## DATA IN THIS EXERCISE
------------------------------------

Lemma perm_word_delete_max : perm_word n (delete_at p w).
Proof.
rewrite /perm_word.
have -> : map fst (delete_at p w) = rem n.+1 (map fst w).
  by rewrite remE /delete_at map_cat map_take map_drop.
rewrite -(perm_cons n.+1).
rewrite -(permPl (perm_to_rem mem_max_perm_word)) (permPl w_perm).
have -> : iota 1 n.+1 = iota 1 n ++ [:: n.+1] by rewrite -[X in iota _ X]addn1 iotaD add1n.
by rewrite perm_catC.
Qed.

End PermWordMax.

Lemma size_acode_rec n w : size (acode_rec n w) = n.
Proof. by elim: n w => //= n IH w; rewrite size_rcons IH. Qed.

Lemma perm_word_ind (P : nat -> cword -> Prop) :
  P 0 [::] ->
  (forall n w p, size w = n.+1 -> p < size w -> (letter_at w p).1 = n.+1 ->
     (forall i, i < size w -> i != p -> (letter_at w i).1 < (letter_at w p).1) ->
     acode_rec n.+1 w = rcons (acode_rec n (delete_at p w)) (p.+1, (letter_at w p).2) ->
     perm_word n (delete_at p w) -> P n (delete_at p w) -> P n.+1 w) ->
  forall n w, perm_word n w -> P n w.
Proof.
move=> P0 PS; elim=> [|n IH] w w_perm; first by rewrite (size0nil (perm_word_size w_perm)).
apply: (PS n w (index n.+1 (map fst w))) => //.
- exact: perm_word_size.
- exact: index_max_lt.
- exact: letter_at_index_max.
- by rewrite letter_at_index_max //; apply: letter_at_lt_max.
- exact: perm_word_delete_max.
- exact/IH/perm_word_delete_max.
Qed.

Lemma Rmil_acode n w : perm_word n w -> Rmil w =i Max (acode_rec n w).
Proof.
move: n w; apply: perm_word_ind => // n w p size_w lt_p val_p max_p -> _ IH x.
rewrite (mem_Rmil_delete lt_p max_p) Max_rcons mem_cat -IH size_acode_rec size_w /= eqSS orbC.
by rewrite -val_p -surjective_pairing; case: (p == n); rewrite ?mem_seq1 ?orbF.
Qed.

Lemma Lmil_acode n w : perm_word n w -> Lmil w =i Min (acode_rec n w).
Proof.
move: n w; apply: perm_word_ind => // n w p _ lt_p val_p max_p -> _ IH x.
rewrite (mem_Lmil_delete lt_p max_p) Min_rcons mem_cat -IH size_acode_rec /= orbC.
by rewrite -val_p -surjective_pairing eqSS; case: (p == 0); rewrite ?mem_seq1 ?orbF.
Qed.

Lemma Lmap_acode n w : perm_word n w -> Lmap w =i Rmil (acode_rec n w).
Proof.
move: n w; apply: perm_word_ind => // n w p _ lt_p _ max_p -> _ IH x.
by rewrite (mem_Lmap_delete lt_p max_p) mem_Rmil_rcons -IH ltnS.
Qed.

(* The letters before a left-to-right maximum are smaller, so none of them is deleted
   before it and it keeps its position in the A-code. *)
Lemma acode_at_lr_max n w : perm_word n w ->
  forall q, q < size w -> lr_max w q -> (letter_at (acode_rec n w) (letter_at w q).1.-1).1 = q.+1.
Proof.
move: n w; apply: perm_word_ind => // n w p size_w lt_p val_p max_p -> _ IH q lt_q lr_q.
have [-> | ne_qp] := eqVneq q p.
  by rewrite val_p letter_at_rcons size_acode_rec ltnn eqxx.
have lt_qp : q < p.
  rewrite ltn_neqAle ne_qp leqNgt; apply/negP => lt_pq.
  have : (letter_at w p).1 < (letter_at w q).1 := lr_q p lt_p lt_pq.
  by have := max_p q lt_q ne_qp; lia.
have lt_q_last : q < (size w).-1 by rewrite size_w /=; lia.
have lr_q' : lr_max (delete_at p w) q.
  by move: lr_q; rewrite -{1}(bump_small lt_qp) lr_max_delete // => -[].
have w_q : letter_at w q = letter_at (delete_at p w) q.
  by rewrite letter_at_delete_at bump_small.
have := max_p q lt_q ne_qp; rewrite val_p w_q => lt_val.
rewrite letter_at_rcons_lt; first by apply: IH; rewrite ?size_delete_at.
by rewrite size_acode_rec; lia.
Qed.

Lemma Lmal_acode n w : perm_word n w -> Lmal w =i Rmip (acode_rec n w).
Proof.
move: n w; apply: perm_word_ind => // n w p _ lt_p val_p max_p -> w'_perm IH x.
rewrite (mem_Lmal_delete lt_p max_p) mem_Rmip_rcons -IH size_acode_rec.
rewrite -val_p -surjective_pairing; case: (x == _) => //=.
case x_in: (x \in Lmal _) => //=; case/LmalP: x_in => q lt_q [lr_q ->].
by rewrite lr_max_mem_take // (acode_at_lr_max w'_perm lt_q lr_q) ltnS.
Qed.

Lemma eq_mem_colorpart (S S' : seq cletter) t : S =i S' -> colorpart S t =i colorpart S' t.
Proof.
move=> eq_S k; apply/mapP/mapP => -[y]; rewrite mem_filter => /andP[y_t y_S] ->;
  by exists y; rewrite // mem_filter y_t /= ?eq_S // -eq_S.
Qed.

Theorem lemma3p2 (r n : nat) (w : cword) :
  in_G r n w ->
  let a := acode n w in
  [/\ (Rmil w =i Max a /\ forall t, t < r -> colorpart (Rmil w) t =i colorpart (Max a) t),
      (Lmil w =i Min a /\ forall t, t < r -> colorpart (Lmil w) t =i colorpart (Min a) t),
      (Lmap w =i Rmil a /\ forall t, t < r -> colorpart (Lmap w) t =i colorpart (Rmil a) t) &
      (Lmal w =i Rmip a /\ forall t, t < r -> colorpart (Lmal w) t =i colorpart (Rmip a) t)].
Proof.
move=> /andP[w_perm _] a.
have Rmil_Max := Rmil_acode w_perm; have Lmil_Min := Lmil_acode w_perm.
have Lmap_Rmil := Lmap_acode w_perm; have Lmal_Rmip := Lmal_acode w_perm.
by split; split=> // t _; apply: eq_mem_colorpart.
Qed.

------------------------------------

## ASSIGNMENT
From top to bottom, repeat the material above word for word.

## SOLUTION TO THE EXERCISE
Lemma perm_word_delete_max : perm_word n (delete_at p w).
Proof.
rewrite /perm_word.
have -> : map fst (delete_at p w) = rem n.+1 (map fst w).
  by rewrite remE /delete_at map_cat map_take map_drop.
rewrite -(perm_cons n.+1).
rewrite -(permPl (perm_to_rem mem_max_perm_word)) (permPl w_perm).
have -> : iota 1 n.+1 = iota 1 n ++ [:: n.+1] by rewrite -[X in iota _ X]addn1 iotaD add1n.
by rewrite perm_catC.
Qed.

End PermWordMax.

Lemma size_acode_rec n w : size (acode_rec n w) = n.
Proof. by elim: n w => //= n IH w; rewrite size_rcons IH. Qed.

Lemma perm_word_ind (P : nat -> cword -> Prop) :
  P 0 [::] ->
  (forall n w p, size w = n.+1 -> p < size w -> (letter_at w p).1 = n.+1 ->
     (forall i, i < size w -> i != p -> (letter_at w i).1 < (letter_at w p).1) ->
     acode_rec n.+1 w = rcons (acode_rec n (delete_at p w)) (p.+1, (letter_at w p).2) ->
     perm_word n (delete_at p w) -> P n (delete_at p w) -> P n.+1 w) ->
  forall n w, perm_word n w -> P n w.
Proof.
move=> P0 PS; elim=> [|n IH] w w_perm; first by rewrite (size0nil (perm_word_size w_perm)).
apply: (PS n w (index n.+1 (map fst w))) => //.
- exact: perm_word_size.
- exact: index_max_lt.
- exact: letter_at_index_max.
- by rewrite letter_at_index_max //; apply: letter_at_lt_max.
- exact: perm_word_delete_max.
- exact/IH/perm_word_delete_max.
Qed.

Lemma Rmil_acode n w : perm_word n w -> Rmil w =i Max (acode_rec n w).
Proof.
move: n w; apply: perm_word_ind => // n w p size_w lt_p val_p max_p -> _ IH x.
rewrite (mem_Rmil_delete lt_p max_p) Max_rcons mem_cat -IH size_acode_rec size_w /= eqSS orbC.
by rewrite -val_p -surjective_pairing; case: (p == n); rewrite ?mem_seq1 ?orbF.
Qed.

Lemma Lmil_acode n w : perm_word n w -> Lmil w =i Min (acode_rec n w).
Proof.
move: n w; apply: perm_word_ind => // n w p _ lt_p val_p max_p -> _ IH x.
rewrite (mem_Lmil_delete lt_p max_p) Min_rcons mem_cat -IH size_acode_rec /= orbC.
by rewrite -val_p -surjective_pairing eqSS; case: (p == 0); rewrite ?mem_seq1 ?orbF.
Qed.

Lemma Lmap_acode n w : perm_word n w -> Lmap w =i Rmil (acode_rec n w).
Proof.
move: n w; apply: perm_word_ind => // n w p _ lt_p _ max_p -> _ IH x.
by rewrite (mem_Lmap_delete lt_p max_p) mem_Rmil_rcons -IH ltnS.
Qed.

(* The letters before a left-to-right maximum are smaller, so none of them is deleted
   before it and it keeps its position in the A-code. *)
Lemma acode_at_lr_max n w : perm_word n w ->
  forall q, q < size w -> lr_max w q -> (letter_at (acode_rec n w) (letter_at w q).1.-1).1 = q.+1.
Proof.
move: n w; apply: perm_word_ind => // n w p size_w lt_p val_p max_p -> _ IH q lt_q lr_q.
have [-> | ne_qp] := eqVneq q p.
  by rewrite val_p letter_at_rcons size_acode_rec ltnn eqxx.
have lt_qp : q < p.
  rewrite ltn_neqAle ne_qp leqNgt; apply/negP => lt_pq.
  have : (letter_at w p).1 < (letter_at w q).1 := lr_q p lt_p lt_pq.
  by have := max_p q lt_q ne_qp; lia.
have lt_q_last : q < (size w).-1 by rewrite size_w /=; lia.
have lr_q' : lr_max (delete_at p w) q.
  by move: lr_q; rewrite -{1}(bump_small lt_qp) lr_max_delete // => -[].
have w_q : letter_at w q = letter_at (delete_at p w) q.
  by rewrite letter_at_delete_at bump_small.
have := max_p q lt_q ne_qp; rewrite val_p w_q => lt_val.
rewrite letter_at_rcons_lt; first by apply: IH; rewrite ?size_delete_at.
by rewrite size_acode_rec; lia.
Qed.

Lemma Lmal_acode n w : perm_word n w -> Lmal w =i Rmip (acode_rec n w).
Proof.
move: n w; apply: perm_word_ind => // n w p _ lt_p val_p max_p -> w'_perm IH x.
rewrite (mem_Lmal_delete lt_p max_p) mem_Rmip_rcons -IH size_acode_rec.
rewrite -val_p -surjective_pairing; case: (x == _) => //=.
case x_in: (x \in Lmal _) => //=; case/LmalP: x_in => q lt_q [lr_q ->].
by rewrite lr_max_mem_take // (acode_at_lr_max w'_perm lt_q lr_q) ltnS.
Qed.

Lemma eq_mem_colorpart (S S' : seq cletter) t : S =i S' -> colorpart S t =i colorpart S' t.
Proof.
move=> eq_S k; apply/mapP/mapP => -[y]; rewrite mem_filter => /andP[y_t y_S] ->;
  by exists y; rewrite // mem_filter y_t /= ?eq_S // -eq_S.
Qed.

Theorem lemma3p2 (r n : nat) (w : cword) :
  in_G r n w ->
  let a := acode n w in
  [/\ (Rmil w =i Max a /\ forall t, t < r -> colorpart (Rmil w) t =i colorpart (Max a) t),
      (Lmil w =i Min a /\ forall t, t < r -> colorpart (Lmil w) t =i colorpart (Min a) t),
      (Lmap w =i Rmil a /\ forall t, t < r -> colorpart (Lmap w) t =i colorpart (Rmil a) t) &
      (Lmal w =i Rmip a /\ forall t, t < r -> colorpart (Lmal w) t =i colorpart (Rmip a) t)].
Proof.
move=> /andP[w_perm _] a.
have Rmil_Max := Rmil_acode w_perm; have Lmil_Min := Lmil_acode w_perm.
have Lmap_Rmil := Lmap_acode w_perm; have Lmal_Rmip := Lmal_acode w_perm.
by split; split=> // t _; apply: eq_mem_colorpart.
Qed.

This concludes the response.